*** Given data Section Begins ***

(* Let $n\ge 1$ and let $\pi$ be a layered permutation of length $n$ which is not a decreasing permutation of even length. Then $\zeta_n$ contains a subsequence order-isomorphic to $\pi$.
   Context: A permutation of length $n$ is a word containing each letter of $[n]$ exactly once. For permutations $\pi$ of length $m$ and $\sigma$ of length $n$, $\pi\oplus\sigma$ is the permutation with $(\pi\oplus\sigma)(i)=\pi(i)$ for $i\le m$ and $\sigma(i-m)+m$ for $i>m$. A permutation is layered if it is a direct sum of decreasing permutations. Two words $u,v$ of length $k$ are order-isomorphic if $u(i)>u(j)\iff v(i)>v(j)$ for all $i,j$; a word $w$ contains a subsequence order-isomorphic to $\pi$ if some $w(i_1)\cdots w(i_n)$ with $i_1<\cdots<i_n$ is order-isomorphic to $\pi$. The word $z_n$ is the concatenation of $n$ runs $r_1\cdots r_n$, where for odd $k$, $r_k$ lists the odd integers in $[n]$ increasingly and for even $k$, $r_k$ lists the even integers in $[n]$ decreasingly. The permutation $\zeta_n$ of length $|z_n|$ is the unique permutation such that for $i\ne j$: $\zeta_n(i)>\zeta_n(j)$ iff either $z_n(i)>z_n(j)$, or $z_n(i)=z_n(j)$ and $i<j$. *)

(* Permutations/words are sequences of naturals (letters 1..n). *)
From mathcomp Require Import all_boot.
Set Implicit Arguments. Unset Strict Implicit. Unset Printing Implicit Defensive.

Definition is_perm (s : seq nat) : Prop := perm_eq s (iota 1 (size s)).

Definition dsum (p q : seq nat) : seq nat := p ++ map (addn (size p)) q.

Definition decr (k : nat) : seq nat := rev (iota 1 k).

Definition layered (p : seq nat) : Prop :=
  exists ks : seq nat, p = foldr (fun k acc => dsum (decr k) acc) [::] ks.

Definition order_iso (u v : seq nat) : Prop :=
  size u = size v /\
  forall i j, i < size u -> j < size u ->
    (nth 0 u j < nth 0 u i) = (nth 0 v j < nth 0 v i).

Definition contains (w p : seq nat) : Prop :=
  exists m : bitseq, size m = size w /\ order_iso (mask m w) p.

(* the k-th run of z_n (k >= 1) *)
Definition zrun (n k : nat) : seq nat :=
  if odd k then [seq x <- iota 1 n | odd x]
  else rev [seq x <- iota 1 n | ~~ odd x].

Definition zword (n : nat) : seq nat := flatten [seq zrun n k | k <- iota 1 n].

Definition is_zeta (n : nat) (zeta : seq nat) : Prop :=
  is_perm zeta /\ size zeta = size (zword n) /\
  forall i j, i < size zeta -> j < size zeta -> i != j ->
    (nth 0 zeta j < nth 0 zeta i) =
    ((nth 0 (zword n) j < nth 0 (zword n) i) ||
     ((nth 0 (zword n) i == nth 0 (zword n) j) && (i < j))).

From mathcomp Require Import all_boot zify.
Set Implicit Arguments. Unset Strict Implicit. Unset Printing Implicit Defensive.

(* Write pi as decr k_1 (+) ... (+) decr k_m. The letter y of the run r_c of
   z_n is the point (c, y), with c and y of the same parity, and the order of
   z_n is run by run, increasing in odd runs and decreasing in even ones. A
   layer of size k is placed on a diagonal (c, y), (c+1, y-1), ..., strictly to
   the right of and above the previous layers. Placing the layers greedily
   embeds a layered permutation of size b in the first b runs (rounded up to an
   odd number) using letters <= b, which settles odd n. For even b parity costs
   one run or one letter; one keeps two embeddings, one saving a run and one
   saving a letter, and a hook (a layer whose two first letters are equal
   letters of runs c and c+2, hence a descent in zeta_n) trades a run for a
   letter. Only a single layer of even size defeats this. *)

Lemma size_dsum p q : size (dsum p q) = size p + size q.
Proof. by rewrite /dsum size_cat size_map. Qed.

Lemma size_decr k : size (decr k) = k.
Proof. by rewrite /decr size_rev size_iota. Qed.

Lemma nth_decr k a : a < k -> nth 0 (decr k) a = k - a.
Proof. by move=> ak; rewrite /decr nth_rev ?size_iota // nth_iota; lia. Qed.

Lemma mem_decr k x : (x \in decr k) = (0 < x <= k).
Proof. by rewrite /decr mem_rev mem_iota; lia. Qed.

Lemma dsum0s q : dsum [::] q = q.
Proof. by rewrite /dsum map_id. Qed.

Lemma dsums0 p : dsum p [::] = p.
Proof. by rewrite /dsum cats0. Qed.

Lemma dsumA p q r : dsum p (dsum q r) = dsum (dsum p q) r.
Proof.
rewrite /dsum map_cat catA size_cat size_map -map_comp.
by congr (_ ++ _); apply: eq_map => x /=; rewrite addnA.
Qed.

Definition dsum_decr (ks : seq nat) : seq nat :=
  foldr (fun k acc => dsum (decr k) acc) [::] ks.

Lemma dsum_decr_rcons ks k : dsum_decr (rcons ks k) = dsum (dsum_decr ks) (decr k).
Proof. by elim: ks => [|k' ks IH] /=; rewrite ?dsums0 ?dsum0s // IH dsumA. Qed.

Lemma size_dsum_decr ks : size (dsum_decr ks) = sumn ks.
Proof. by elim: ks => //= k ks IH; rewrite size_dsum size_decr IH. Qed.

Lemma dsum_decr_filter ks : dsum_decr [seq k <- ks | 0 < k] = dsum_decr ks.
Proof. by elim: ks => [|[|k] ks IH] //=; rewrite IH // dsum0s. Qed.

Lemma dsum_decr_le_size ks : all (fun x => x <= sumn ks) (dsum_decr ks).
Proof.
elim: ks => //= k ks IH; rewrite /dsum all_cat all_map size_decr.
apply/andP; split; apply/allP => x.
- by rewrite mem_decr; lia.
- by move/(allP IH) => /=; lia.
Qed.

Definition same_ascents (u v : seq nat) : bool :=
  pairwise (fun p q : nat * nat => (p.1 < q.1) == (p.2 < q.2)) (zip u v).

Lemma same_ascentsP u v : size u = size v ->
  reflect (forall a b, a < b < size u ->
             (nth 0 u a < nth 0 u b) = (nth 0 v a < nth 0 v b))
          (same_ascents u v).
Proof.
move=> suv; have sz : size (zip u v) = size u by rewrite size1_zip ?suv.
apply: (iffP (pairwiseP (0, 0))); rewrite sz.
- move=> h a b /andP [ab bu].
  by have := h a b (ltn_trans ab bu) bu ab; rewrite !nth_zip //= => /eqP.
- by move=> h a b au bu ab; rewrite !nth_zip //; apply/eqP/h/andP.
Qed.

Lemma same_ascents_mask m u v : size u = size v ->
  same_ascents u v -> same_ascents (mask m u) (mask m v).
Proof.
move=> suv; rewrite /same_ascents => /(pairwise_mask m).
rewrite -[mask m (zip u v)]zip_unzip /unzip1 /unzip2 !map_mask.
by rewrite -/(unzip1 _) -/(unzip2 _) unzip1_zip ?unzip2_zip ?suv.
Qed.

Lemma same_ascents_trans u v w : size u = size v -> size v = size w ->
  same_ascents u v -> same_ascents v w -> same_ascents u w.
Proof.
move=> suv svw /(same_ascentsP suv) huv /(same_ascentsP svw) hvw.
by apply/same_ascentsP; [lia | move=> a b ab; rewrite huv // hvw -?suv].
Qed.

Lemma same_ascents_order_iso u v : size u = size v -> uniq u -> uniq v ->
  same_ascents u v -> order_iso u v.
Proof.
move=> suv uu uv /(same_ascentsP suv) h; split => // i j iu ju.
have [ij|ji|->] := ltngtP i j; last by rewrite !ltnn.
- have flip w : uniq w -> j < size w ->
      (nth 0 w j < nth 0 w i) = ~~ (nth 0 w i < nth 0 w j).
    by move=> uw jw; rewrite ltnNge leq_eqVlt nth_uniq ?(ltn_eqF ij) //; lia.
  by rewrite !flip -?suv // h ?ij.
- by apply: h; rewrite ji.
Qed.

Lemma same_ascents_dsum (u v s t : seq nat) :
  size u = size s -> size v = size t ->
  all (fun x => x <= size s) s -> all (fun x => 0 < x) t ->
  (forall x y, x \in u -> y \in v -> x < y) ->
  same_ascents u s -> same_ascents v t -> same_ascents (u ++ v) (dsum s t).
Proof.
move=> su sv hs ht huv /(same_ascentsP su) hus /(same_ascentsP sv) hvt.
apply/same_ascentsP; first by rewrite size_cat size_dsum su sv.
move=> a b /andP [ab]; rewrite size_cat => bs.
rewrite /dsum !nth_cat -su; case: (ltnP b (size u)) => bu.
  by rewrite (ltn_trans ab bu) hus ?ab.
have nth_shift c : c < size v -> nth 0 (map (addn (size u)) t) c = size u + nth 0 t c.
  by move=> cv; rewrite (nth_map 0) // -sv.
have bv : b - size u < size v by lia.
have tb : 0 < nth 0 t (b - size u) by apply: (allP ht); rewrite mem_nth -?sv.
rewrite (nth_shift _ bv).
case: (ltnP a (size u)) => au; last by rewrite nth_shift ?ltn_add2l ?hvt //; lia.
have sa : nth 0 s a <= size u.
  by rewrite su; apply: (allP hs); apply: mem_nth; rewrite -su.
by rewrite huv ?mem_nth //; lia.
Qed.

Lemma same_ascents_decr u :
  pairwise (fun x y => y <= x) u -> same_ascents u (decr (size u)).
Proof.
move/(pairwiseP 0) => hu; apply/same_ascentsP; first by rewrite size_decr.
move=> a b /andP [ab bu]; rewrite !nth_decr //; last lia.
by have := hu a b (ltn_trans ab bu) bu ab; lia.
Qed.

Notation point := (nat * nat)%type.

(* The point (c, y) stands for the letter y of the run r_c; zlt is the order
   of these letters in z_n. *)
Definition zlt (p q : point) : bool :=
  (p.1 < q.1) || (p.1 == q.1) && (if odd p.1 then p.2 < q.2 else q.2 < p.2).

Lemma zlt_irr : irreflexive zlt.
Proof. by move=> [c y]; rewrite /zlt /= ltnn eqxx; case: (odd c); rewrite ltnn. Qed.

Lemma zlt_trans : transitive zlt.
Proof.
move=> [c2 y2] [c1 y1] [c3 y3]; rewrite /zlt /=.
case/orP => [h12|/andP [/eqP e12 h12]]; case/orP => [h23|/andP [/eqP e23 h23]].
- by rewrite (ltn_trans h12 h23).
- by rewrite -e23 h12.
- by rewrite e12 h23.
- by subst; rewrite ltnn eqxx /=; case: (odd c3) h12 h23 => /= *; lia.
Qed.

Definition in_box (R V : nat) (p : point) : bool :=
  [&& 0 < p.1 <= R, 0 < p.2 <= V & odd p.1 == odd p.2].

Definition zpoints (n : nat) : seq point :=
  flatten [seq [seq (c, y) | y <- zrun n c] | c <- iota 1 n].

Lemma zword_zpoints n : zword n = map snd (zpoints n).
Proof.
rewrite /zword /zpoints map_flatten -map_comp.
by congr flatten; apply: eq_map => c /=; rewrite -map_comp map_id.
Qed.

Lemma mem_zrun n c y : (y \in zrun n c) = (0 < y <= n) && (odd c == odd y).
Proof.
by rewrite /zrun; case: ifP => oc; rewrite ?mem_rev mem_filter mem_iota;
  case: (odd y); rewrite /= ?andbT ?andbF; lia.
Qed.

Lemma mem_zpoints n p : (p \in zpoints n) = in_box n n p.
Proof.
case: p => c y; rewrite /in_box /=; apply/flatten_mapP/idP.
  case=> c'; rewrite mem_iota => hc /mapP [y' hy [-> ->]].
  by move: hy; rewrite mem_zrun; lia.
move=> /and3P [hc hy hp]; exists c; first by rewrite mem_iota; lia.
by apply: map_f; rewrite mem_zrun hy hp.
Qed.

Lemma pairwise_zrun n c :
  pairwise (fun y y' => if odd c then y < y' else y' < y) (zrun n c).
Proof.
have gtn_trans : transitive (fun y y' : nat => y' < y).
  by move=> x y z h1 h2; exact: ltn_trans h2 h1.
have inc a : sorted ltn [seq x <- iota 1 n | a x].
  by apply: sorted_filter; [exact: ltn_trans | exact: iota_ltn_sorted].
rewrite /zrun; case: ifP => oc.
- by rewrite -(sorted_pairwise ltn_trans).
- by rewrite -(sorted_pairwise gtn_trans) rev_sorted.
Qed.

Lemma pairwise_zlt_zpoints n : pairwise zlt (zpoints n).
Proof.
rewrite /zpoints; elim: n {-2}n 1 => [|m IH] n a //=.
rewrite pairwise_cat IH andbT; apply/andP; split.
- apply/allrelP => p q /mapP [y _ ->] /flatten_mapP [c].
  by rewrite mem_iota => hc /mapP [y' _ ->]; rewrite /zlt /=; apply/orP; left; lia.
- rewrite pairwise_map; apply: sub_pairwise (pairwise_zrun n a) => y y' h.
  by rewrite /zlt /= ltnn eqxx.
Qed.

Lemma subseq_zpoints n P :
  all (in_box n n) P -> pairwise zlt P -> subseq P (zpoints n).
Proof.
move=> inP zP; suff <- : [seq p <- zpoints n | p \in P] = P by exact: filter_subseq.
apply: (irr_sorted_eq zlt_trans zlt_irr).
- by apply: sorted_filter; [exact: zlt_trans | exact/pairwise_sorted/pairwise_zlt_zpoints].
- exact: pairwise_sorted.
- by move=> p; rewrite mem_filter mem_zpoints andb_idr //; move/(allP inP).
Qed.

*** Given data Section Ends ***
*** Given data Section Begins ***

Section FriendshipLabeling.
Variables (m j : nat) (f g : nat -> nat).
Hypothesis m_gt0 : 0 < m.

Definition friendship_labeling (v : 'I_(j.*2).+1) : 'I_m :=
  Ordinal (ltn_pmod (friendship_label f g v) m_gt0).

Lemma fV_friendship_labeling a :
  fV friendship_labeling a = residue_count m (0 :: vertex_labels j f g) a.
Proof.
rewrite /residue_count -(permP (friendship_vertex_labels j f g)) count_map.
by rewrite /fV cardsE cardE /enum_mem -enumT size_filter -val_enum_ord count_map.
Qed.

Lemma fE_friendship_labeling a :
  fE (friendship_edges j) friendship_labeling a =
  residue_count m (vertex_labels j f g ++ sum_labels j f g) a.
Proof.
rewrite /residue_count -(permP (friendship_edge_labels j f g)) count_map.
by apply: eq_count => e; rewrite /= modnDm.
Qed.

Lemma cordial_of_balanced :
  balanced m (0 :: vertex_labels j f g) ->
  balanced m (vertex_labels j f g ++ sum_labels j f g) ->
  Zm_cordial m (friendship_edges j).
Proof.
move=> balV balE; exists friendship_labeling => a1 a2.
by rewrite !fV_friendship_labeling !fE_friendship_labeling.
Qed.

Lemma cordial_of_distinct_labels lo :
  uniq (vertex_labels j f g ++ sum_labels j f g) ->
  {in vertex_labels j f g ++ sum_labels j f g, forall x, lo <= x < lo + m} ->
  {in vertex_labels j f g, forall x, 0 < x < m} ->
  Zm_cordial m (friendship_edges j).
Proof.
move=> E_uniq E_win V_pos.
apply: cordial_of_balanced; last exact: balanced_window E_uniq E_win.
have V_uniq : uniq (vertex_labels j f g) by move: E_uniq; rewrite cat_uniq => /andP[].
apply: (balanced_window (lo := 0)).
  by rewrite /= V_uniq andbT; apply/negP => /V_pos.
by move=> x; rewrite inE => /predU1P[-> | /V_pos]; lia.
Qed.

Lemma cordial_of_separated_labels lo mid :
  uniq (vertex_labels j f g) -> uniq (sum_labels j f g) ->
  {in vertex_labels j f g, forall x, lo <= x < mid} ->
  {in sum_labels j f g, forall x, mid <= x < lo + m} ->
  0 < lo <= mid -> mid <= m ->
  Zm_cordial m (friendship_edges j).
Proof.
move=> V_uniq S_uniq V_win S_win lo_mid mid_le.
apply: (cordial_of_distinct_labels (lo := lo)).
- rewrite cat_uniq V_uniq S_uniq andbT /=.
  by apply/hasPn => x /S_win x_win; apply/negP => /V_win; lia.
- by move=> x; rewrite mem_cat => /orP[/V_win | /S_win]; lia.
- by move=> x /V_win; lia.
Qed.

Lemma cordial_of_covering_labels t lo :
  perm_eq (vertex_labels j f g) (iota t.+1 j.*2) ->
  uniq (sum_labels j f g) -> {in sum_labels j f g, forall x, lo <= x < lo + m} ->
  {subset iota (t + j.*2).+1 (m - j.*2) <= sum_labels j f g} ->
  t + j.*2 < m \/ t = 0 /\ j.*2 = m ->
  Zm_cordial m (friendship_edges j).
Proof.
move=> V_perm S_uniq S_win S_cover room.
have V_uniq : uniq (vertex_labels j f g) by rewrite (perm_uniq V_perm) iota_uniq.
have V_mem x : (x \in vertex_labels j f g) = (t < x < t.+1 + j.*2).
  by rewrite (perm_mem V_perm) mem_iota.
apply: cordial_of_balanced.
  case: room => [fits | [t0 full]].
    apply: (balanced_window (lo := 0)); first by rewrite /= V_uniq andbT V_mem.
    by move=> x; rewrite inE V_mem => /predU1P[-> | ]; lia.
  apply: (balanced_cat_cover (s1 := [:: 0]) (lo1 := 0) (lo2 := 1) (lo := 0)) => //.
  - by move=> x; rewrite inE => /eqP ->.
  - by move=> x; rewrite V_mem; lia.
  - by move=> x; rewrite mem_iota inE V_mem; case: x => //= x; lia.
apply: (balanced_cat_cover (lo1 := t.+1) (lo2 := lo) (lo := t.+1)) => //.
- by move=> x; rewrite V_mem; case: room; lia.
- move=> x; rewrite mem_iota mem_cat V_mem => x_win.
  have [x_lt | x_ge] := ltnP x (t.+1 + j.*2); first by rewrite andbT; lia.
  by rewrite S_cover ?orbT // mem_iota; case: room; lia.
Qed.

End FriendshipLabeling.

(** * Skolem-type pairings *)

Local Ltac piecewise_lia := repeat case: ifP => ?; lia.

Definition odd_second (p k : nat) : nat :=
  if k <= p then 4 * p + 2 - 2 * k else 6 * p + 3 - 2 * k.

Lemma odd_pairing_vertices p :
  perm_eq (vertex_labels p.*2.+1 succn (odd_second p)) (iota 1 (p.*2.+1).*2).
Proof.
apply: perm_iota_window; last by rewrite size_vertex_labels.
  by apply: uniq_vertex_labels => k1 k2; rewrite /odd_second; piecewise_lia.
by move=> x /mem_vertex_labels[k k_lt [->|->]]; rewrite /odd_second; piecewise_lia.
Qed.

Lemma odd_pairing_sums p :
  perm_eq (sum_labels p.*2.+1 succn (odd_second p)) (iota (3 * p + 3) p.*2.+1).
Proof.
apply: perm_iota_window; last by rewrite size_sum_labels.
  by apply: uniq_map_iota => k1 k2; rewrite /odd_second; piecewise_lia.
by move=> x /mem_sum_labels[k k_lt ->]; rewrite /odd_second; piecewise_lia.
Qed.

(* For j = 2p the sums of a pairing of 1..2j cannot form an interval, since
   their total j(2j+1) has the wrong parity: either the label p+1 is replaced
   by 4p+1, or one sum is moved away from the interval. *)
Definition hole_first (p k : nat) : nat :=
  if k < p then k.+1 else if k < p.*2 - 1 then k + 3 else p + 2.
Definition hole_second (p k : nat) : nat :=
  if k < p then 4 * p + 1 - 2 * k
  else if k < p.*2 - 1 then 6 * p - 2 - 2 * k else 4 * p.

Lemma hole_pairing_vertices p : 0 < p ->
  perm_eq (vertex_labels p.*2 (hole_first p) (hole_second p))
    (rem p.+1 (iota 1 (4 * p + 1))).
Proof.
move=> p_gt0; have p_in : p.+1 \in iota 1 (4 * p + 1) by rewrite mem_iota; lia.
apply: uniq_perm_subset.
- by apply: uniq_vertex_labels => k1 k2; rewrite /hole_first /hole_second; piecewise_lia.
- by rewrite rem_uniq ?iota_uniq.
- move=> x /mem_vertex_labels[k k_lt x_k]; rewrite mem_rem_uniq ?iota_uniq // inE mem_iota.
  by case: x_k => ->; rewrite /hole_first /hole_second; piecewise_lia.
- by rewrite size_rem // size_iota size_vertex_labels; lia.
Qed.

*** Given data Section Ends ***
*** Given data Section Begins ***

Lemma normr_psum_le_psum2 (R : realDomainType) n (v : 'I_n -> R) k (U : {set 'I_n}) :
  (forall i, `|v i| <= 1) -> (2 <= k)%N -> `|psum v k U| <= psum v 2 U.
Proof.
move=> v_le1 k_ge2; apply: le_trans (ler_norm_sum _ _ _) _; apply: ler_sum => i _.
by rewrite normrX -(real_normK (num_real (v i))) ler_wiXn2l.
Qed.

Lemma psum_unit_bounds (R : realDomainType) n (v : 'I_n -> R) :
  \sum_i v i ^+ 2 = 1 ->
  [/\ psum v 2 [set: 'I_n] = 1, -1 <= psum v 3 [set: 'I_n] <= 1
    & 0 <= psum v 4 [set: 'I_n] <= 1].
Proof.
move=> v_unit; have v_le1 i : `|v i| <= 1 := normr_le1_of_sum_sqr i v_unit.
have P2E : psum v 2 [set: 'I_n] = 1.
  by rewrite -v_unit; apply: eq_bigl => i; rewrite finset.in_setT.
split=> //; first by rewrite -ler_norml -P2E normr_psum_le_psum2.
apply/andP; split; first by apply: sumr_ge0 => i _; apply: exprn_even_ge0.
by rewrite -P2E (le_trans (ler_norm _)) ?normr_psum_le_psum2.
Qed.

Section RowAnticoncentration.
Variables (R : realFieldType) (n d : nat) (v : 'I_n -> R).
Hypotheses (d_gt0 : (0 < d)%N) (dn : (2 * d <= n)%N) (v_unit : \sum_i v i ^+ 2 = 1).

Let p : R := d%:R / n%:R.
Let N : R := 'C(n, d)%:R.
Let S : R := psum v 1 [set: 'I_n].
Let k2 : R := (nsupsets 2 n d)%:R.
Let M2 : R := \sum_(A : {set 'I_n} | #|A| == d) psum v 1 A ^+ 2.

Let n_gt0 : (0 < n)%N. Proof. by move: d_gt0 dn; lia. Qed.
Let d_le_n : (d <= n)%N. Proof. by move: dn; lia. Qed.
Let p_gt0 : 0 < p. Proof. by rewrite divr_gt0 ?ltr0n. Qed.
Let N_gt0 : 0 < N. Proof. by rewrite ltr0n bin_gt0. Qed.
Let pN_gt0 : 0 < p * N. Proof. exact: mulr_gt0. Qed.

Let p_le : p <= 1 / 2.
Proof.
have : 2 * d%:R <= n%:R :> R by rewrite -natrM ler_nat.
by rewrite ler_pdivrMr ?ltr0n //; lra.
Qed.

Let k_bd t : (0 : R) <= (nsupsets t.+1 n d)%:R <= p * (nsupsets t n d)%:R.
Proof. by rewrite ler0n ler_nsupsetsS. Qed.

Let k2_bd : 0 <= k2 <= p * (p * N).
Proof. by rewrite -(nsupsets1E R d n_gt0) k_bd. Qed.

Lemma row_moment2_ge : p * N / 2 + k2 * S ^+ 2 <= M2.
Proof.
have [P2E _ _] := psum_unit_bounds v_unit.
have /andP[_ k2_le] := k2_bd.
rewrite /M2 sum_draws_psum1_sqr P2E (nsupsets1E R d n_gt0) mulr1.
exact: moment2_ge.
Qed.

*** Given data Section Ends ***

◆ Exercise instructions
Go through the listing above and locate each line that holds the word "parity". Copy those lines.

◆ Exercise solution
   z_n is the point (c, y), with c and y of the same parity, and the order of
   odd number) using letters <= b, which settles odd n. For even b parity costs
   their total j(2j+1) has the wrong parity: either the label p+1 is replaced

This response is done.